[Exercise prompt] Reproduce exactly the lines below from the one containing "Inductive converges : nat" through the one containing "destruct (classic (exists", including both, and nothing else.

Source data
===
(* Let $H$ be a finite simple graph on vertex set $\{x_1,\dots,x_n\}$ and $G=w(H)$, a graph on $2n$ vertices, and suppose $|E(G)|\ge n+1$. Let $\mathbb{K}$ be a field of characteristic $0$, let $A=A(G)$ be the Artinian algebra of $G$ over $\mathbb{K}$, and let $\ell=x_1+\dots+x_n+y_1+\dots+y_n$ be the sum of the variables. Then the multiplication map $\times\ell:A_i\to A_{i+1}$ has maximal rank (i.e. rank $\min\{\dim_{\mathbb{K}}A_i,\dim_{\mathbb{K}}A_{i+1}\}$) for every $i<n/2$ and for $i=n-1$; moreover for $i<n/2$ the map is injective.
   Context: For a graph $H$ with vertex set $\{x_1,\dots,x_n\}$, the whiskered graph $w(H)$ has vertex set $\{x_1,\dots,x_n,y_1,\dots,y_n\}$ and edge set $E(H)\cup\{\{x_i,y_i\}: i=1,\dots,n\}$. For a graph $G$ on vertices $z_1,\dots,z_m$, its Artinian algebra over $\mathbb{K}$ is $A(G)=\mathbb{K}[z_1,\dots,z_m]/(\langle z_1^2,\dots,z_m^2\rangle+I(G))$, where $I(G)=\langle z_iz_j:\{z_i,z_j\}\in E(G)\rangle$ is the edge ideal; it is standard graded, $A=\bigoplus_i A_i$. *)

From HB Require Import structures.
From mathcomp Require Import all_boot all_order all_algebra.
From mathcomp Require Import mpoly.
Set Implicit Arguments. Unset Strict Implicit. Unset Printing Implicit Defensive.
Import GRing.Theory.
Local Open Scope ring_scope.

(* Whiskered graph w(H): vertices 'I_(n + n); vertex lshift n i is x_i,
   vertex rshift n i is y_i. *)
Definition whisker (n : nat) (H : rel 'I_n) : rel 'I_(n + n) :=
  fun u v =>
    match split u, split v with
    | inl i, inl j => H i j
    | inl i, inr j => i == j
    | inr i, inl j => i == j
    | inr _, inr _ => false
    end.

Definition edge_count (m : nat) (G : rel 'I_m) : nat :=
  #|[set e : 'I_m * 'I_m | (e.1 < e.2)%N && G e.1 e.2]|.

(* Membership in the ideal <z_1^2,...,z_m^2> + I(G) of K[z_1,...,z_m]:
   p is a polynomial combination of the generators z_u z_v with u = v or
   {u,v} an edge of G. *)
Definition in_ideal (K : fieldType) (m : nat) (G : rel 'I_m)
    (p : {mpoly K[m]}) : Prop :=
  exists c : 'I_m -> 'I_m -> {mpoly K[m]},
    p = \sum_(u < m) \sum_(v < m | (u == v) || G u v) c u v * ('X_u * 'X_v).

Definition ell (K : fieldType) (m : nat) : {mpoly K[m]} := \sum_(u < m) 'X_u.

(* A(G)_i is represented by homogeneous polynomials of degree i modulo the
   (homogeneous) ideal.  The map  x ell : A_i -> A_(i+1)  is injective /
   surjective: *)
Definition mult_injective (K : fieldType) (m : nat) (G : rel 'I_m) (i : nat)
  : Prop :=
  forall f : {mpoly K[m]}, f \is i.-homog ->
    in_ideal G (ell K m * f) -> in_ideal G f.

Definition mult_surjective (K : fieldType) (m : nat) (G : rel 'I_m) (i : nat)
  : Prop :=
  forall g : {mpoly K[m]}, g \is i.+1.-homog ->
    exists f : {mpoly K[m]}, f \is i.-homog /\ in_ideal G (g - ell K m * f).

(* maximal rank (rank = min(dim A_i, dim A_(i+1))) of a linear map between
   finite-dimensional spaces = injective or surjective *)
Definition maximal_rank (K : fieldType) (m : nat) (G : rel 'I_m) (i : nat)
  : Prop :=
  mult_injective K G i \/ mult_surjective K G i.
===
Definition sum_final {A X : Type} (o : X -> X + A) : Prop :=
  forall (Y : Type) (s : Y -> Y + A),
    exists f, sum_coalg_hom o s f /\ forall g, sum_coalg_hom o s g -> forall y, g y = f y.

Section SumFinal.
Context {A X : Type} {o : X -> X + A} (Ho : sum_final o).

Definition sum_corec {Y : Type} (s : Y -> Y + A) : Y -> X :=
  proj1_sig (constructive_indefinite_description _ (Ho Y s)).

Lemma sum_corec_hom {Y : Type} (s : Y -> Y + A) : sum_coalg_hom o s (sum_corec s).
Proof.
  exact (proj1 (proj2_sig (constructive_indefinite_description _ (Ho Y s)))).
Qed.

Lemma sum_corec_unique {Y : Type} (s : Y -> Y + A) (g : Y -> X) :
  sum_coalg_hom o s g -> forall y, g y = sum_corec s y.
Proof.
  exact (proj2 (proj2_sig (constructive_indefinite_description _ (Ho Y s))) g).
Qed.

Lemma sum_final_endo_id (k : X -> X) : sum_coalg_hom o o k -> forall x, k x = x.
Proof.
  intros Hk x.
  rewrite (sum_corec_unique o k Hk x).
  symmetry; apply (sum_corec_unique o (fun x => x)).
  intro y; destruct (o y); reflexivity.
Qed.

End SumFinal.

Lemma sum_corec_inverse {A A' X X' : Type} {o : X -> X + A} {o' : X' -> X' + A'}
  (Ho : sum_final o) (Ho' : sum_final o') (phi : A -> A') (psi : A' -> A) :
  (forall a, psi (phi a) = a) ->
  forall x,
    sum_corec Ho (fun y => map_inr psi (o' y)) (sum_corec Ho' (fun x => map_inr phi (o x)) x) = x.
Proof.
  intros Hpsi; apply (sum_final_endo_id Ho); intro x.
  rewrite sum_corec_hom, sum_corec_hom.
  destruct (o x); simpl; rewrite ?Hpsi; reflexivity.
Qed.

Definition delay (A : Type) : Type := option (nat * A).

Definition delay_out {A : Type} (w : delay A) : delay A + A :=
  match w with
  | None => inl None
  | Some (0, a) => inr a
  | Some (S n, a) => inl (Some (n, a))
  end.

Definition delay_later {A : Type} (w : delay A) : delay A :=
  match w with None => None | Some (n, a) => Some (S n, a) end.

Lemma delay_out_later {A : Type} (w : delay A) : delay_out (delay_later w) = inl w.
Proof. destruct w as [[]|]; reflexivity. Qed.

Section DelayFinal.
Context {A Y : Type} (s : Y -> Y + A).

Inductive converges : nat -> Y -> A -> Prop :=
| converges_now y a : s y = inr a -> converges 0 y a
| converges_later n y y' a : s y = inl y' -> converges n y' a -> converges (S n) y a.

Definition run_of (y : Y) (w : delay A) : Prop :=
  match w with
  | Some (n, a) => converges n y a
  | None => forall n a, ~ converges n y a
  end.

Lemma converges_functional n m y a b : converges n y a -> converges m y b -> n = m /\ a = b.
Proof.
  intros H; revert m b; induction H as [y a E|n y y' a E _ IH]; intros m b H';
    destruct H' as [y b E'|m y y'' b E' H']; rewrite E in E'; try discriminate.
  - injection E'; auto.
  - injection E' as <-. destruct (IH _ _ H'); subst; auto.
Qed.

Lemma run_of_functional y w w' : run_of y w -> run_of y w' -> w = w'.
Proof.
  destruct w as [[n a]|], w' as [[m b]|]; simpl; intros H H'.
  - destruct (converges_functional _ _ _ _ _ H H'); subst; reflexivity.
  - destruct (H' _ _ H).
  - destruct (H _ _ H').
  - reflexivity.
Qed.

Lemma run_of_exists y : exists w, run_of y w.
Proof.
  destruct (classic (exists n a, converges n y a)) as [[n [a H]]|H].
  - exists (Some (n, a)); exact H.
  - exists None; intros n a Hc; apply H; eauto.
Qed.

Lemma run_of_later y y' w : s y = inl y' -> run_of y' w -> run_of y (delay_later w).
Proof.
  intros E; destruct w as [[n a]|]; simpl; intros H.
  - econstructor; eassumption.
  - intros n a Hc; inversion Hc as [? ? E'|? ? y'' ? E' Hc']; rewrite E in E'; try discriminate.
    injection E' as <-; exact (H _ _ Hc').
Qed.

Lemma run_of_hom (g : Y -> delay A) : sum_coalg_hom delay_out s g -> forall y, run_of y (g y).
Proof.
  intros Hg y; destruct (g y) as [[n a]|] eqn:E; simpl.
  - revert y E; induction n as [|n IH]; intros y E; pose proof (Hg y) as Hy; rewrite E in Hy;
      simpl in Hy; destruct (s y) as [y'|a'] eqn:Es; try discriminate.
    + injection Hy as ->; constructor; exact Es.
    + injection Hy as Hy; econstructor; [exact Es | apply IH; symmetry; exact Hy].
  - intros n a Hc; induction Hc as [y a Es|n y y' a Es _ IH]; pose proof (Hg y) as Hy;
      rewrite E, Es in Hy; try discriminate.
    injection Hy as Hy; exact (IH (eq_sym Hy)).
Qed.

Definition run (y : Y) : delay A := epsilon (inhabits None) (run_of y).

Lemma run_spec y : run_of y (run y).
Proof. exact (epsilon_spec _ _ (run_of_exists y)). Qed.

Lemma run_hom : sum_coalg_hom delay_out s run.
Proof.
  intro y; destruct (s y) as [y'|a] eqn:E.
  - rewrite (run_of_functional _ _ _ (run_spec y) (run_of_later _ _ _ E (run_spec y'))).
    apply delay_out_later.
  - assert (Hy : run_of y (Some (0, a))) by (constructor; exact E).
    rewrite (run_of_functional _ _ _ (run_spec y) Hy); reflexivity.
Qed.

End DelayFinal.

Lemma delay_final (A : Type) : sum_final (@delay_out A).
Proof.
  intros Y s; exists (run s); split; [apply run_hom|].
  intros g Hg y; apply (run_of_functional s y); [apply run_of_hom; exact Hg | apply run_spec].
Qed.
===
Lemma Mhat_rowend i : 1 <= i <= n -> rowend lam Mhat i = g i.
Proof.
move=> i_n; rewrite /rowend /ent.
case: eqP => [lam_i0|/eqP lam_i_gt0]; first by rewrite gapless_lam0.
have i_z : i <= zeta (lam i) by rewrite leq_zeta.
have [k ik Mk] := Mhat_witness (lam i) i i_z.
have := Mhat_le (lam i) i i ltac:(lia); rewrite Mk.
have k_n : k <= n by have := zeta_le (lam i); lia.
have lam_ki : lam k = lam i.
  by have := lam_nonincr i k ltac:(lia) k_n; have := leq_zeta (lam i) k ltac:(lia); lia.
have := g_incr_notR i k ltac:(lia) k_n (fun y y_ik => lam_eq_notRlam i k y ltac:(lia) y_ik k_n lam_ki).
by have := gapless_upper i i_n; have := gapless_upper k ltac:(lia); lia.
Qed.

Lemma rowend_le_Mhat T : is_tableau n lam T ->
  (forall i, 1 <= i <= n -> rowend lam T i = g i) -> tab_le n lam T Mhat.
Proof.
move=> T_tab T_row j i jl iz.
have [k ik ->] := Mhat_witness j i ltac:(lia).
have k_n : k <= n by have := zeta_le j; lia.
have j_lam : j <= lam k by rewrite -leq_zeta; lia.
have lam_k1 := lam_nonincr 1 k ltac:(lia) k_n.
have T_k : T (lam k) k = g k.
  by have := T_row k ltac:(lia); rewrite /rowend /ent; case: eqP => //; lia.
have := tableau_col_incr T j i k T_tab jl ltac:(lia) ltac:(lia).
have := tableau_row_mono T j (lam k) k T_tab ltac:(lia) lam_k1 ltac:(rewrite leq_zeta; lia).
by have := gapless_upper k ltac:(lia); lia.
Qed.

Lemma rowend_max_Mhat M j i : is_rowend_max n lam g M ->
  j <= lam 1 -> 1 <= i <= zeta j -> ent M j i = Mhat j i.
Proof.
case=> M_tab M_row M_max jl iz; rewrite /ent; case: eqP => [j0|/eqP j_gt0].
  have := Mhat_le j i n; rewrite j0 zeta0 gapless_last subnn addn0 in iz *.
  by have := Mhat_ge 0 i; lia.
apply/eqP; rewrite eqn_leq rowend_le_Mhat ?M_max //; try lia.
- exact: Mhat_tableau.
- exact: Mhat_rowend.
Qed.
===
[Exercise response]
Inductive converges : nat -> Y -> A -> Prop :=
| converges_now y a : s y = inr a -> converges 0 y a
| converges_later n y y' a : s y = inl y' -> converges n y' a -> converges (S n) y a.

Definition run_of (y : Y) (w : delay A) : Prop :=
  match w with
  | Some (n, a) => converges n y a
  | None => forall n a, ~ converges n y a
  end.

Lemma converges_functional n m y a b : converges n y a -> converges m y b -> n = m /\ a = b.
Proof.
  intros H; revert m b; induction H as [y a E|n y y' a E _ IH]; intros m b H';
    destruct H' as [y b E'|m y y'' b E' H']; rewrite E in E'; try discriminate.
  - injection E'; auto.
  - injection E' as <-. destruct (IH _ _ H'); subst; auto.
Qed.

Lemma run_of_functional y w w' : run_of y w -> run_of y w' -> w = w'.
Proof.
  destruct w as [[n a]|], w' as [[m b]|]; simpl; intros H H'.
  - destruct (converges_functional _ _ _ _ _ H H'); subst; reflexivity.
  - destruct (H' _ _ H).
  - destruct (H _ _ H').
  - reflexivity.
Qed.

Lemma run_of_exists y : exists w, run_of y w.
Proof.
  destruct (classic (exists n a, converges n y a)) as [[n [a H]]|H].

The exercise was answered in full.